There should be no extra load if --storage_mode uncompressed stores raw files with a ".v1" extension to distinguish them from the new header + compressed blob format. I added this for the "migrating existing files from the old directory structure" step, but I can't remember if I have added if for the Put code path yet. I'll follow up tomorrow.

Update: I need to fix the Put code path.

mostynb · 2021-01-12T12:46:24Z

BTW, I am also thinking through some --storage_mode hybrid ideas, but it's not something I want to attempt in the first PR. For example:

Store blobs in the form they were uploaded (uncompressed or in our compressed format).
Compress and replace uncompressed blobs if/when a client requests them in compressed form.

mostynb · 2021-01-12T13:18:56Z

Interesting, maybe we could implement the header as a skippable frame (or multiple skippable frames), in which case the entire compressed file would be decodable by any compliant zstandard decoder: https://github.com/facebook/zstd/blob/dev/doc/zstd_compression_format.md#skippable-frames

The cost compared to the current header would only be 8 bytes per file for most files.

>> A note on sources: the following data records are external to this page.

(* Let $X$ be a Tychonoff space and $A\subseteq X$ a clopen subset. Then (a) $\operatorname{Homeo}_{cpt}(A)$ naturally embeds (by extending homeomorphisms by the identity on $X\setminus A$) as a closed topological subgroup of $\operatorname{Homeo}_{cpt}(X)$; and (b) if $X$ has CSHP, then so does $A$.
   Context: For a Tychonoff space $Y$, $\operatorname{Homeo}_{cpt}(Y)$ is the group of homeomorphisms of $Y$ with compact support $\operatorname{cl}_Y\{y\mid h(y)\neq y\}$; each extends to a homeomorphism of $\beta Y$ that is the identity on $\beta Y\setminus Y$, and $\operatorname{Homeo}_{cpt}(Y)$ is given the compact-open topology induced from $\beta Y$. For compact $K\subseteq Y$, $\operatorname{Homeo}_K(Y)$ is the subgroup of homeomorphisms fixing every point outside $K$. $Y$ has CSHP (Compactly Supported Homeomorphism Property) if the colimit space topology on $\bigcup_{K\in\mathscr K(Y)}\operatorname{Homeo}_K(Y)=\operatorname{Homeo}_{cpt}(Y)$, namely $\{U\mid U\cap\operatorname{Homeo}_K(Y)\text{ open in }\operatorname{Homeo}_K(Y)\ \forall K\}$ ($\mathscr K(Y)$ the compact subsets of $Y$), coincides with the topology of $\operatorname{Homeo}_{cpt}(Y)$. *)

From HB Require Import structures.
From mathcomp Require Import all_boot all_algebra.
From mathcomp Require Import all_classical all_reals all_analysis.

Set Implicit Arguments.
Unset Strict Implicit.
Unset Printing Implicit Defensive.

Local Open Scope classical_set_scope.

Definition tychonoff_space (T : topologicalType) : Prop :=
  completely_regular_space T /\ hausdorff_space T.

(** Such a pair exists for every Tychonoff [Y] and is unique up to a
    homeomorphism commuting with the embeddings. *)
Definition is_stone_cech (Y bY : topologicalType) (e : Y -> bY) : Prop :=
  [/\ compact [set: bY], hausdorff_space bY, continuous e & injective e] /\
  [/\
      (forall U : set Y, open U -> exists V : set bY, open V /\ U = e @^-1` V),
      closure (range e) = [set: bY] &
      forall (K : topologicalType) (f : Y -> K),
        compact [set: K] -> hausdorff_space K -> continuous f ->
        exists g : bY -> K, continuous g /\ (forall y, g (e y) = f y)].

Definition is_homeo (Y : topologicalType) (h : Y -> Y) : Prop :=
  continuous h /\
  exists g : Y -> Y, [/\ continuous g, cancel h g & cancel g h].

Definition support (Y : topologicalType) (h : Y -> Y) : set Y :=
  closure [set y | h y <> y].

Definition Homeo_cpt (Y : topologicalType) : set (Y -> Y) :=
  [set h | is_homeo h /\ compact (support h)].
Arguments Homeo_cpt Y : clear implicits.

Definition Homeo_K (Y : topologicalType) (K : set Y) : set (Y -> Y) :=
  [set h | Homeo_cpt Y h /\ forall y, ~ K y -> h y = y].

(** The extension of [h : Y -> Y] to [bY] which is the identity on
    [bY \ e(Y)] (well defined since [e] is injective). *)
Definition bext (Y bY : topologicalType) (e : Y -> bY) (h : Y -> Y)
  (z : bY) : bY :=
  match pselect (exists y, e y = z) with
  | left P => e (h (projT1 (cid P)))
  | right _ => z
  end.

(** Open subsets of Homeo_cpt(Y) for the compact-open topology induced from
    bY (the initial topology of [bext e] into the compact-open topology on
    maps [bY -> bY]). *)
Definition HC_open (Y bY : topologicalType) (e : Y -> bY)
  (U : set (Y -> Y)) : Prop :=
  exists V : set {compact-open, bY -> bY},
    open V /\ U = Homeo_cpt Y `&` (bext e) @^-1` V.

Definition HC_subspace_open (Y bY : topologicalType) (e : Y -> bY)
  (S U : set (Y -> Y)) : Prop :=
  exists W, HC_open e W /\ U = S `&` W.
(* For a function $H:\{0,1\}^{u+1}\to\{0,1\}^v$ let $|\psi_H\rangle:=\sum_{R\in\{0,1\}^{u+1}}|R\rangle|H(R)\rangle$ (normalized). For every integer $m$ and every (unbounded-time) quantum algorithm $\mathcal{A}$, $$\Pr_H\big[y_0=H(0\|r)\wedge y_1=H(1\|r):(r,y_0,y_1)\gets\mathcal{A}(|\psi_H\rangle^{\otimes m})\big]\le(2m+1)^4(2^{-u}+2^{-v}),$$ where $H$ is a uniformly random function from $\{0,1\}^{u+1}$ to $\{0,1\}^v$ and $r\in\{0,1\}^u$.
   Context: $\|$ denotes concatenation of bit strings; $u,v$ are positive integers. *)

From HB Require Import structures.
From mathcomp Require Import all_boot all_order all_algebra.
From mathcomp Require Import reals.
From mathcomp.real_closed Require Import complex.
Set Implicit Arguments. Unset Strict Implicit. Unset Printing Implicit Defensive.
Import Order.TTheory GRing.Theory Num.Theory.
Local Open Scope ring_scope.

Definition bits (n : nat) := (n.-tuple bool).

(* b || r : prepend the bit b (false = 0, true = 1) to r. *)
Definition bcat (n : nat) (b : bool) (r : bits n) : bits n.+1 := [tuple of b :: r].

Definition hfun (u v : nat) := {ffun bits u.+1 -> bits v}.

(* Computational basis of one register |R>|y>, R in {0,1}^(u+1), y in {0,1}^v. *)
Definition reg (u v : nat) := (bits u.+1 * bits v)%type.

(* Computational basis of m copies (tensor product of m registers). *)
Definition mreg (u v m : nat) := {ffun 'I_m -> reg u v}.

Section Quantum.
Variable R : realType.
Notation C := (R[i]).

(* Normalized |psi_H> = 2^{-(u+1)/2} sum_R |R>|H(R)> *)
Definition psiH (u v : nat) (H : hfun u v) : reg u v -> C :=
  fun p => if p.2 == H p.1 then (sqrtC ((2 ^ u.+1)%:R : C))^-1 else 0.

Definition psiH_tensor (u v m : nat) (H : hfun u v) : mreg u v m -> C :=
  fun w => \prod_(k < m) psiH H (w k).

Definition psd (T : finType) (M : T -> T -> C) : Prop :=
  forall x : T -> C, 0 <= \sum_(i : T) \sum_(j : T) (x i)^* * M i j * x j.

Definition is_povm (T O : finType) (E : O -> T -> T -> C) : Prop :=
  (forall o, psd (E o)) /\
  (forall i j : T, \sum_(o : O) E o i j = (i == j)%:R).

Definition born (T O : finType) (E : O -> T -> T -> C) (o : O) (psi : T -> C) : C :=
  \sum_(i : T) \sum_(j : T) (psi i)^* * E o i j * psi j.

Definition outc (u v : nat) := (bits u * bits v * bits v)%type.

(* Pr_H [ y0 = H(0||r) /\ y1 = H(1||r) ] for the algorithm described by E,
   H uniform over all functions. *)
Definition success (u v m : nat) (E : outc u v -> mreg u v m -> mreg u v m -> C) : C :=
  (#|{: hfun u v}|%:R)^-1 *
  \sum_(H : hfun u v) \sum_(r : bits u)
     born E (r, H (bcat false r), H (bcat true r)) (@psiH_tensor u v m H).

End Quantum.

(* Fix r, put a := 0||r and b := 1||r, and for a family x = (x_H)_H of vectors
   indexed by H let P_b x be its average over the value H(b), i.e. over the
   functions obtained by resampling H at b. Then
     psi = P_b psi + P_a psi - P_a P_b psi + (1 - P_a)(1 - P_b) psi,
   and every psd form Q satisfies Q(x1 + x2 + x3 + x4) <= 4 (Q x1 + ... + Q x4).
   In the first three terms the state no longer depends on H(b), on H(a), or on
   both; by convexity of Q and the change of variables
   (H, y) -> (H[b := y], H(b)) in the sum over H, the outcome matches H(b) (resp. H(a), both) with probability at most
   2^-v (resp. 2^-v, 4^-v). The last term vanishes on every basis vector in
   which no register has R-component a, or none has R-component b. Its norm is
   therefore bounded by the diagonal form of tau := #{(k, l) | register k has
   R-component a, register l has R-component b}, for which every P is a
   contraction; this contributes at most 16 E[tau] <= 16 m^2 4^-(u+1) for each
   of the 2^u values of r. Altogether the success probability is at most
   8 2^-v + 4 4^-v + 16 m^2 2^-u. For m = 0 the state does not depend on H at
   all and the bound 4^-v is immediate. *)

From HB Require Import structures.
From mathcomp Require Import all_boot all_order all_algebra.
From mathcomp Require Import reals.
From mathcomp.real_closed Require Import complex.
From mathcomp Require Import ring zify.
Import Order.TTheory GRing.Theory Num.Theory.
Set Implicit Arguments. Unset Strict Implicit. Unset Printing Implicit Defensive.
Local Open Scope ring_scope.

Section PsdForms.
Variables (R : realType) (T : finType).
Local Notation C := R[i].
Implicit Types (M : T -> T -> C) (x y : T -> C).

Definition sesq M x y : C := \sum_i \sum_j (x i)^* * M i j * y j.

Definition sqnorm x : C := \sum_t (x t)^* * x t.

Definition diagf (d : T -> C) : T -> T -> C := fun i j => (i == j)%:R * d i.

Lemma eq_sesq M x1 x2 y1 y2 :
  x1 =1 x2 -> y1 =1 y2 -> sesq M x1 y1 = sesq M x2 y2.
Proof.
by move=> ex ey; apply: eq_bigr => i _; apply: eq_bigr => j _; rewrite ex ey.
Qed.
Lemma free_ext_finite : finite_set [set: G] -> (0 < M)%N -> finite_set [set: free_ext].
Proof.
move=> Gfin M0.
apply: (@sub_finite_set _ _ (free_pi @` ([set: G] `*` (Posz @` `I_M)))); last first.
  by apply/finite_image/finite_setX => //; apply/finite_image/finite_II.
move=> y _; have [[g k] ->] := free_pi_surj y.
have MZ : M%:Z != 0 by rewrite eqz_nat -lt0n.
have := modz_ge0 k MZ; have : (k %% M%:Z < M%:Z)%Z by rewrite ltz_pmod ?ltz_nat.
case E : (k %% M%:Z)%Z => [n|//] nM _.
exists (g, Posz n); first by split=> //; exists n => //=; rewrite -ltz_nat.
apply/free_piP; rewrite pairBE /= subrr free_value_null //.
have -> : Posz n - k = - ((k %/ M%:Z)%Z * M%:Z) by rewrite -E {2}(divz_eq k M%:Z); ring.
by rewrite rpredN dvdz_mull.
Qed.

Lemma free_ext_value_in (Q : set R) : Q 0 ->
  (forall u v, Q u -> 0 <= u -> Q v -> 0 <= v -> Q (u + v)) ->
  (forall x, Q (p x)) -> (forall a, A a -> Q (f a)) -> Q c ->
  (forall x, chain_values x (free_value x)) -> forall y, Q (free_ext_value y).
Proof.
move=> Q0 QD Qp Qf Qc att y; have [x ->] := free_pi_surj y.
by rewrite free_ext_valueE; apply: free_value_in.
Qed.

End FreeExtension.

Section BlockInequalities.
Variables (R : realType) (r : rparam) (G : zmodType) (p : G -> R) (A : set G)
  (f : G -> R).
Hypotheses (pval : is_value p) (fkat : katetov_r r p A f).

Local Notation lsum l := (\sum_(x <- l) x).
Local Notation fsum l := (\sum_(x <- l) f x).

Lemma sum_condition_seq N :
  (forall a : nat -> G, (forall k, (1 <= k <= N)%N -> A (a k)) ->
     `|p (\sum_(1 <= k < N.+1) a k) - f (a N)| <= \sum_(1 <= k < N) f (a k)) ->
  forall (l : seq G) (a : G), [set` l] `<=` A -> A a -> (size l).+1 = N ->
  `|p (lsum l + a) - f a| <= fsum l.
Proof.
move=> hsum l a lA aA sN; set s := rcons l a.
have ss : size s = N by rewrite size_rcons.
have sumS : lsum s = lsum l + a by rewrite /s -cats1 big_cat big_seq1.
have sumN : \sum_(1 <= k < N.+1) nth a s k.-1 = lsum l + a.
  by rewrite -sumS -ss big_add1 /= [RHS](big_nth a).
have fsumN : \sum_(1 <= k < N) f (nth a s k.-1) = fsum l.
  rewrite -sN big_add1 /= [RHS](big_nth a); apply: eq_big_nat => k /andP[_ kl].
  by rewrite nth_rcons kl.
have lastN : nth a s N.-1 = a by rewrite -ss nth_last last_rcons.
have sA k : (1 <= k <= N)%N -> A (nth a s k.-1).
  move=> /andP[k1 kN]; rewrite nth_rcons; case: ltnP => [kl|_]; first exact/lA/mem_nth.
  by case: eqP.
by have := hsum _ sA; rewrite sumN fsumN lastN.
Qed.

Lemma block_inequalities_of_sum_condition N :
  N <> 1%N -> has_exponent G N ->
  ((2 < N)%N -> forall a : nat -> G, (forall k, (1 <= k <= N)%N -> A (a k)) ->
     `|p (\sum_(1 <= k < N.+1) a k) - f (a N)| <= \sum_(1 <= k < N) f (a k)) ->
  block_inequalities p A f N.
Proof.
move=> N1 GN hsum; have [->|N0] := eqVneq N 0%N.
  by split=> [l _ /size0nil->|//]; rewrite !big_nil (value0 pval).
have [N2|N2] := eqVneq N 2%N.
  move: GN; rewrite N2 => /exponent2_opp oppG.
  split=> [[|x [|y []]] //= lA _|a [|y []] //= aA lA _].
    have [xA /subset_seq_cons[yA _]] := subset_seq_cons lA.
    rewrite !big_cons !big_nil !addr0 -{1}(oppG y).
    exact (katetov_value_le fkat xA yA).
  have [yA _] := subset_seq_cons lA.
  rewrite !big_cons !big_nil !addr0 -{1}(oppG y).
  exact (katetov_le_value fkat aA yA).
have N3 : (2 < N)%N by move: N0 N2 N1; rewrite -lt0n; lia.
have {}hsum := sum_condition_seq (hsum N3).
split=> [l lA sl|a l aA lA sl].
  case/lastP: l lA sl => [_ sl|l z lA]; first by move: N0; rewrite -sl.
  rewrite size_rcons -cats1 !big_cat !big_seq1 /= => sl.
  have [zA l'A] : A z /\ [set` l] `<=` A.
    by split=> [|x xl]; apply: lA; rewrite /= mem_rcons inE ?eqxx ?xl ?orbT.
  by have := hsum l z l'A zA sl; rewrite ler_norml => /andP[_]; lra.
by have := hsum l a lA aA sl; rewrite ler_norml [a + _]addrC => /andP[+ _]; lra.
Qed.

Lemma block_inequalities_long (d c : R) (K : nat) : 0 <= d -> (forall a, A a -> d <= f a) ->
  (forall x, p x <= c) -> (forall a, A a -> f a <= c) -> c <= K%:R * d ->
  block_inequalities p A f K.+1.
Proof.
move=> d0 hd pc fc cK; split=> [l lA sl|a l aA lA [sl]].
  by apply: le_trans (pc _) (fsum_ge_cap hd d0 cK lA _); rewrite sl.
apply: le_trans (fc _ aA) (le_trans (fsum_ge_cap hd d0 cK lA _) _); first by rewrite sl.
by rewrite lerDr (value_ge0 pval).
Qed.

Lemma katetov_zero_trivial a1 : A a1 -> f a1 = 0 -> forall a, A a -> f a = p (a - a1).
Proof.
move=> a1A f0 a aA; apply/eqP; rewrite eq_le.
have := katetov_le_value fkat aA a1A; have := katetov_value_le fkat aA a1A.
by rewrite f0 !addr0 => -> ->.
Qed.
End BlockInequalities.

Lemma exists_cap (R : realType) r N (G : zmodType) (p : G -> R) (A : set G) f a0 :
  in_frakG r N p -> bounded_value p -> katetov_r r p A f -> A a0 ->
  exists c, [/\ forall x, p x <= c, forall a, A a -> f a <= c & bounded_by_r r c].
Proof.
case=> pval [_ [_ [pr _]]] [B pB] fkat a0A; case: r pr fkat => pr fkat.
  by exists 1; split=> [x|a /(katetov_bounded fkat)//|]; [exact: pr | exact: lexx].
exists (B + f a0); split=> // [x|a aA].
  by have := katetov_ge0 fkat a0A; have := pB x; lra.
by apply: le_trans (katetov_le_value fkat aA a0A) _; rewrite lerD2r.
Qed.

Lemma trivial_enlargement (R : realType) r N (G : zmodType) (p : G -> R) (A : set G) f a1 :
  in_frakG r N p -> bounded_value p -> katetov_r r p A f -> A a1 -> f a1 = 0 ->
  good_enlargement r N p A f p id.
Proof.
move=> hG pB fkat a1A f0; do 5 split=> //.
by exists a1; exact (katetov_zero_trivial fkat a1A f0).
Qed.

Lemma enlargement_exists (R : realType) r N (G : zmodType) (p : G -> R) (A : set G) f :
  in_frakG r N p -> bounded_value p -> A !=set0 -> katetov_r r p A f ->
  block_inequalities p A f N ->
  exists (H : zmodType) (q : H -> R) (i : G -> H), good_enlargement r N p A f q i.
Proof.
move=> hG pB A0 fkat blocks; have [pval [psep [_ [_ GN]]]] := hG.
have [a0 a0A] := A0; have [c [pc fc rc]] := exists_cap hG pB fkat a0A.
have HG := free_ext_good pval fkat blocks pc fc A0 psep GN (fun=> dvdnn N) rc.
by do 3 eexists; apply: HG.
Qed.

Lemma exists_finite_cap (R : realType) r N (G : zmodType) (p : G -> R) (A : set G) f :
  in_frakG r N p -> katetov_r r p A f -> finite_set [set: G] ->
  exists c, [/\ forall x, p x <= c, forall a, A a -> f a <= c, bounded_by_r r c
    & (range p `|` f @` A) c].
Proof.
case=> _ [_ [_ [pr _]]] fkat Gfin.
have Afin : finite_set A := sub_finite_set (@subsetT _ A) Gfin.
have Xfin : finite_set (range p `|` f @` A).
  by rewrite finite_setU; split; apply: finite_image.
have X0 : (range p `|` f @` A) !=set0 by exists (p 0); left; exists 0.
have [c Xc hc] := finite_set_max Xfin X0.
exists c; split=> [x|a aA||//]; first (by apply: hc; left; exists x); first by apply: hc; right; exists a.
by case: Xc => [[x _ <-]|[a aA <-]]; [exact: pr | exact (katetov_bounded fkat aA)].
Qed.

Lemma finite_enlargement_pos (R : realType) r N (G : zmodType) (p : G -> R) (A : set G) f
    (Q : set R) :
  in_frakG r N p -> A !=set0 -> katetov_r r p A f -> block_inequalities p A f N ->
  (forall a, A a -> 0 < f a) ->
  Q 0 -> (forall u v, Q u -> 0 <= u -> Q v -> 0 <= v -> Q (u + v)) ->
  finite_set [set: G] -> (forall x, Q (p x)) -> (forall a, A a -> Q (f a)) ->
  exists (H : zmodType) (q : H -> R) (i : G -> H),
    good_enlargement r N p A f q i /\ finite_set [set: H] /\ (forall y, Q (q y)).
Proof.
move=> hG A0 fkat blocksN fpos Q0 QD Gfin Qp Qf.
have [pval [psep [_ [_ GN]]]] := hG.
have Afin : finite_set A := sub_finite_set (@subsetT _ A) Gfin.
have fA0 : (f @` A) !=set0 by case: A0 => a0 a0A; exists (f a0), a0.
have [_ [a1 a1A <-] hd] := finite_set_min (finite_image f Afin) fA0.
have {}hd a : A a -> f a1 <= f a by move=> aA; apply: hd; exists a.
have d0 := fpos _ a1A.
have [c [pc fc rc Xc]] := exists_finite_cap hG fkat Gfin.
have Qc : Q c by case: Xc => [[x _ <-]|[a aA <-]]; [exact: Qp | exact: Qf].
have [K cK] : exists K : nat, c <= K%:R * f a1.
  exists (Num.Def.archi_bound (c / f a1)); rewrite -ler_pdivrMr // ltW // archi_boundP //.
  by apply: divr_ge0; [exact: le_trans (value_ge0 pval 0) (pc 0) | exact: ltW].
(* For N = 0 the relation (K + 1) b = 0 is free: K elements of A already cost c. *)
pose M := if N == 0%N then K.+1 else N.
have blocks : block_inequalities p A f M.
  by rewrite /M; case: eqP => // _; exact (block_inequalities_long pval (ltW d0) hd pc fc cK).
have MN : (N <> 0)%N -> (M %| N)%N by rewrite /M; case: eqP.
have M0 : (0 < M)%N by rewrite /M; case: eqP => // /eqP; rewrite lt0n.
have HG := free_ext_good pval fkat blocks pc fc A0 psep GN MN rc.
do 3 eexists; split; first apply: HG.
split; first exact (free_ext_finite pval fkat pc A0 Gfin M0).
apply: free_ext_value_in => //.
exact (free_value_attained M pval fkat pc A0 Afin (ltW d0) hd cK).
Qed.

Lemma finite_enlargement_exists (R : realType) r N (G : zmodType) (p : G -> R) (A : set G)
    f (Q : set R) :
  in_frakG r N p -> bounded_value p -> A !=set0 -> katetov_r r p A f ->
  block_inequalities p A f N ->
  Q 0 -> (forall u v, Q u -> 0 <= u -> Q v -> 0 <= v -> Q (u + v)) ->
  finite_set [set: G] -> (forall x, Q (p x)) -> (forall a, A a -> Q (f a)) ->
  exists (H : zmodType) (q : H -> R) (i : G -> H),
    good_enlargement r N p A f q i /\ finite_set [set: H] /\ (forall y, Q (q y)).
Proof.
move=> hG pB A0 fkat blocks Q0 QD Gfin Qp Qf.
have [[a1 [a1A f0]]|fpos] := pselect (exists a1, A a1 /\ f a1 = 0).
  by exists G, p, id; split; [exact: trivial_enlargement hG pB fkat a1A f0 | split].
apply: (finite_enlargement_pos hG A0 fkat blocks _ Q0 QD Gfin Qp Qf) => a aA.
rewrite lt_neqAle (katetov_ge0 fkat aA) andbT; apply/eqP => /esym fa0.
by apply: fpos; exists a.
Qed.

Unset Implicit Arguments. Set Strict Implicit. Set Printing Implicit Defensive.

Theorem theorem2p17 (R : realType) (r : rparam) (N : nat) (G : zmodType)
    (p : G -> R) (A : set G) (f : G -> R) :
  N <> 1%N ->
  in_frakG r N p -> bounded_value p ->
  A !=set0 -> katetov_r r p A f ->
  ((2 < N)%N -> forall a : nat -> G, (forall k, (1 <= k <= N)%N -> A (a k)) ->
     `|p (\sum_(1 <= k < N.+1) a k) - f (a N)| <= \sum_(1 <= k < N) f (a k)) ->
  (exists (H : zmodType) (q : H -> R) (i : G -> H),
      good_enlargement r N p A f q i) /\
  (forall Q : set R,
      [set x : R | 0 <= x] `<=` closure (Q `&` [set x : R | 0 <= x]) ->
      Q 0 ->
      (forall x y, Q x -> 0 <= x -> Q y -> 0 <= y -> Q (x + y)) ->
      finite_set [set: G] ->
      (forall x, Q (p x)) -> (forall a, A a -> Q (f a)) ->
      exists (H : zmodType) (q : H -> R) (i : G -> H),
        good_enlargement r N p A f q i /\
        finite_set [set: H] /\ (forall y, Q (q y))).
Proof.
move=> N1 hG pB A0 fkat hsum; have [pval [_ [_ [_ GN]]]] := hG.
have blocks := block_inequalities_of_sum_condition pval fkat N1 GN hsum.
split; first exact: enlargement_exists hG pB A0 fkat blocks.
move=> Q _ Q0 QD Gfin Qp Qf.
exact: finite_enlargement_exists hG pB A0 fkat blocks Q0 QD Gfin Qp Qf.
Qed.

mostynb · 2021-01-15T08:27:50Z

Pushed some new commits:

Make the compressed CAS blob file format regular .zst (the header is now a zstd skippable frame).
Include the logical size in the filename of compressed blobs, so we can import them from the directory listing alone (ie without reading the header of each blob).
Fix the uploaded CAS blob filenames for --storage_mode uncompressed.

The first two changes break compatibility with cache directories created with earlier versions of this branch/PR.

(The proxy backends are still broken, that's next on my TODO list.)

ulrfa · 2021-01-17T00:17:01Z

BTW, I am also thinking through some --storage_mode hybrid ideas, but it's not something I want to attempt in the first PR. For example:

Store blobs in the form they were uploaded (uncompressed or in our compressed format).

Interesting idea!

The client might have additional information to make decision if certain files are worth compressing or not, then it could make sense to also store them in CAS as they were uploaded.

Or bazel-remote could decide to not compress files smaller than 4 KB? Since those would still consume a whole file system block anyway.

Below follows an example of the file size distribution in one of our caches.

Note that 60% of the files in that CAS have size of 128 bytes or less. Those should not be compressed.

Also note that 98% of the files would fit in a single 1M chunk. For them the seekable zstd table is unnecessary.

Size  Number of files in CAS
   8:       6
  16:   47690
  32:     100
  64:     537
 128: 6471070
 256:    5044
 512:   64129
  1k:  183429
  2k:  320129
  4k:  998385
  8k: 1611520
 16k:  264389
 32k:  269138
 64k:  177826
128k:  109303
256k:   96537
512k:   61308
  1M:   22527
  2M:   70088
  4M:   62483
  8M:   55450
 16M:    5043
 32M:    1657
 64M:      34
256M:       2

mostynb · 2021-01-18T09:12:49Z

BTW, I am also thinking through some --storage_mode hybrid ideas, but it's not something I want to attempt in the first PR. For example:

Store blobs in the form they were uploaded (uncompressed or in our compressed format).

Interesting idea!

The client might have additional information to make decision if certain files are worth compressing or not, then it could make sense to also store them in CAS as they were uploaded.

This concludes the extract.